Reinhard Naumann, Bezirksbürgermeister von Charlottenburg-Wilmersdorf: Nach der erfolgreichen Migration des Netzbetriebs am Standort Hohenzollerndamm im vergangenen Jahr wird am 1. September der zweite Hauptstandort der Bezirksverwaltung von Charlottenburg-Wilmersdorf, das Rathaus an der Otto-Suhr-Allee 100 an das ITDZ Berlin übergeben. Die bisherige Serviceleistung des ITDZ für den Netzbetrieb am Hohenzollerndamm ist bisher sehr positiv verlaufen. Wir sind deshalb zuversichtlich, dass die Betriebsübernahme im Rathaus genauso erfolgreich verlaufen wird. Als Pilotbezirk liefern wir für die anderen elf Bezirke eine Blaupause von der diese profitieren werden.

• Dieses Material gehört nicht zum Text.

Lemma is_RInt_alpha :
  is_RInt (fun t => fst (alpha c a0 t w)) 0 1 (fst a0) /\
  is_RInt (fun t => snd (alpha c a0 t w)) 0 1 (snd a0).
Proof.
  pose proof (is_RInt_cos_Theta_lim w) as Hcos.
  pose proof (is_RInt_sin_Theta_lim w) as Hsin.
  set (u := phase c a0).
  assert (Ea0 : a0 = (sqrt (c O) * fst u, sqrt (c O) * snd u))
    by (rewrite <- phase_scale at 1; reflexivity).
  split.
  - replace (fst a0) with (minus (scal (fst u) (sqrt (c O))) (scal (snd u) 0))
      by (rewrite Ea0; unfold minus, plus, opp, scal; simpl; unfold mult; simpl; ring).
    apply (@is_RInt_ext R_NormedModule
             (fun t => minus (scal (fst u) (cos (Theta_lim c t w))) (scal (snd u) (sin (Theta_lim c t w))))).
    + intros t _. unfold alpha, Cmul, Cexpi. fold u. simpl.
      unfold minus, plus, opp, scal. simpl. unfold mult. simpl. ring.
    + apply (@is_RInt_minus R_NormedModule); apply (@is_RInt_scal R_NormedModule); auto.
  - replace (snd a0) with (plus (scal (snd u) (sqrt (c O))) (scal (fst u) 0))
      by (rewrite Ea0; unfold plus, scal; simpl; unfold mult; simpl; ring).
    apply (@is_RInt_ext R_NormedModule
             (fun t => plus (scal (snd u) (cos (Theta_lim c t w))) (scal (fst u) (sin (Theta_lim c t w))))).
    + intros t _. unfold alpha, Cmul, Cexpi. fold u. simpl.
      unfold plus, scal. simpl. unfold mult. simpl. ring.
    + apply (@is_RInt_plus R_NormedModule); apply (@is_RInt_scal R_NormedModule); auto.
Qed.

End LimitProcess.

Theorem mainTheorem5 (c : nat -> R) (alpha0 : Cpx)
  (hmono : forall n, c n <= c (S n))
  (hc0 : 0 <= c O) (hc1 : 0 < c 1%nat)
  (halpha0 : Cnorm alpha0 = sqrt (c O))
  (hlim : Un_cv c 1)
  (hsum : exists l, Un_cv (fun N => sum_f_R0 (fun n => sqrt (c (S n) - c n)) N) l) :
  exists alpha : R -> Omega -> Cpx,
    (forall w eps, 0 < eps -> exists N, forall n t, (N <= n)%nat -> 0 <= t <= 1 ->
        Cnorm (Csub (alpha_n c alpha0 n t w) (alpha t w)) < eps) /\
    (forall E, borel_C E ->
        prod_sigma (fun p => 0 <= fst p <= 1 /\ E (alpha (fst p) (snd p)))) /\
    (forall t, 0 <= t <= 1 -> forall E, borel_C E ->
        cyl_sigma (fun w => E (alpha t w))) /\
    (forall w,
      (forall t, 0 <= t <= 1 -> ~ dyadic t ->
         forall eps, 0 < eps -> exists delta, 0 < delta /\
           forall s, 0 <= s <= 1 -> Rabs (s - t) < delta ->
             Cnorm (Csub (alpha s w) (alpha t w)) < eps) /\
      inhabited (Riemann_integrable (fun t => fst (alpha t w)) 0 1) /\
      inhabited (Riemann_integrable (fun t => snd (alpha t w)) 0 1) /\
      (forall t, dyadic t ->
         (forall eps, 0 < eps -> exists delta, 0 < delta /\
            forall s, t <= s <= 1 -> s - t < delta ->
              Cnorm (Csub (alpha s w) (alpha t w)) < eps) /\
         (0 < t -> exists L : Cpx, forall eps, 0 < eps -> exists delta, 0 < delta /\
            forall s, 0 <= s < t -> t - s < delta ->
              Cnorm (Csub (alpha s w) L) < eps)) /\
      (forall t, 0 <= t <= 1 -> Cnorm (alpha t w) = 1) /\
      (exists (pr1 : Riemann_integrable (fun t => fst (alpha t w)) 0 1)
              (pr2 : Riemann_integrable (fun t => snd (alpha t w)) 0 1),
          RiemannInt pr1 = fst alpha0 /\ RiemannInt pr2 = snd alpha0)).
Proof.
  exists (alpha c alpha0). split; [| split; [| split]].
  - intros w. eapply alpha_n_uniform_cv; eauto.
  - eapply alpha_prod_measurable; eauto.
  - intros t _. eapply alpha_cyl_measurable; eauto.
  - intro w.
    destruct (is_RInt_alpha c hmono hc0 hc1 hsum hlim alpha0 halpha0 w) as [Hfst Hsnd].
    destruct (RiemannInt_of_is_RInt _ _ _ _ Hfst) as [pr1 E1].
    destruct (RiemannInt_of_is_RInt _ _ _ _ Hsnd) as [pr2 E2].
    split; [| split; [| split; [| split; [| split]]]].
    + eapply alpha_continuous_nondyadic; eauto.
    + exact (inhabits pr1).
    + exact (inhabits pr2).
    + intros t [Ht _]. split.
      * eapply alpha_right_continuous; eauto.
      * intros Ht0. eapply alpha_left_limit; eauto. lra.
    + intros t _. eapply Cnorm_alpha; eauto.
    + exists pr1, pr2. auto.
Qed.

Marc Böttcher, Vorstand des ITDZ Berlin: Die Berliner Verwaltung braucht eine leistungsfähige IKT, die auch die wachsenden Anforderungen an die IT-Sicherheit erfüllt. In Charlottenburg-Wilmersdorf erfolgt jetzt der Netzbetrieb der zwei größten Standorte in der hochverfügbaren, BSI-zertifizierten Infrastruktur des ITDZ Berlin. Wir sorgen für die zentrale Überwachung, Wartung und den Betreib nach landesweit gültigen IT-Sicherheitsstandards.
Dadurch kann sich der Bezirk auf seine Kernkompetenz, den Service für die Bürgerinnen und Bürger, konzentrieren.

Die Zentralisierung und Standardisierung der landesweiten IKT ist eines der Hauptziele des Berliner E-Government-Gesetzes von 2016. Das landesweite Migrations-Programm umfasst rund 67.500 Arbeitsplätze in den Bezirken, Senatsverwaltungen und nachgeordneten Behörden des Landes. Kernpunkt ist die Ausstattung mit einem standardisierten, einheitlichen und vom ITDZ Berlin administrierten IKT-Arbeitsplatz. Er schafft die Voraussetzungen für eine medienbruchfreie, behördenübergreifende Zusammenarbeit zwischen den Behörden sowie für digitale Leistungen im Bürgerservice.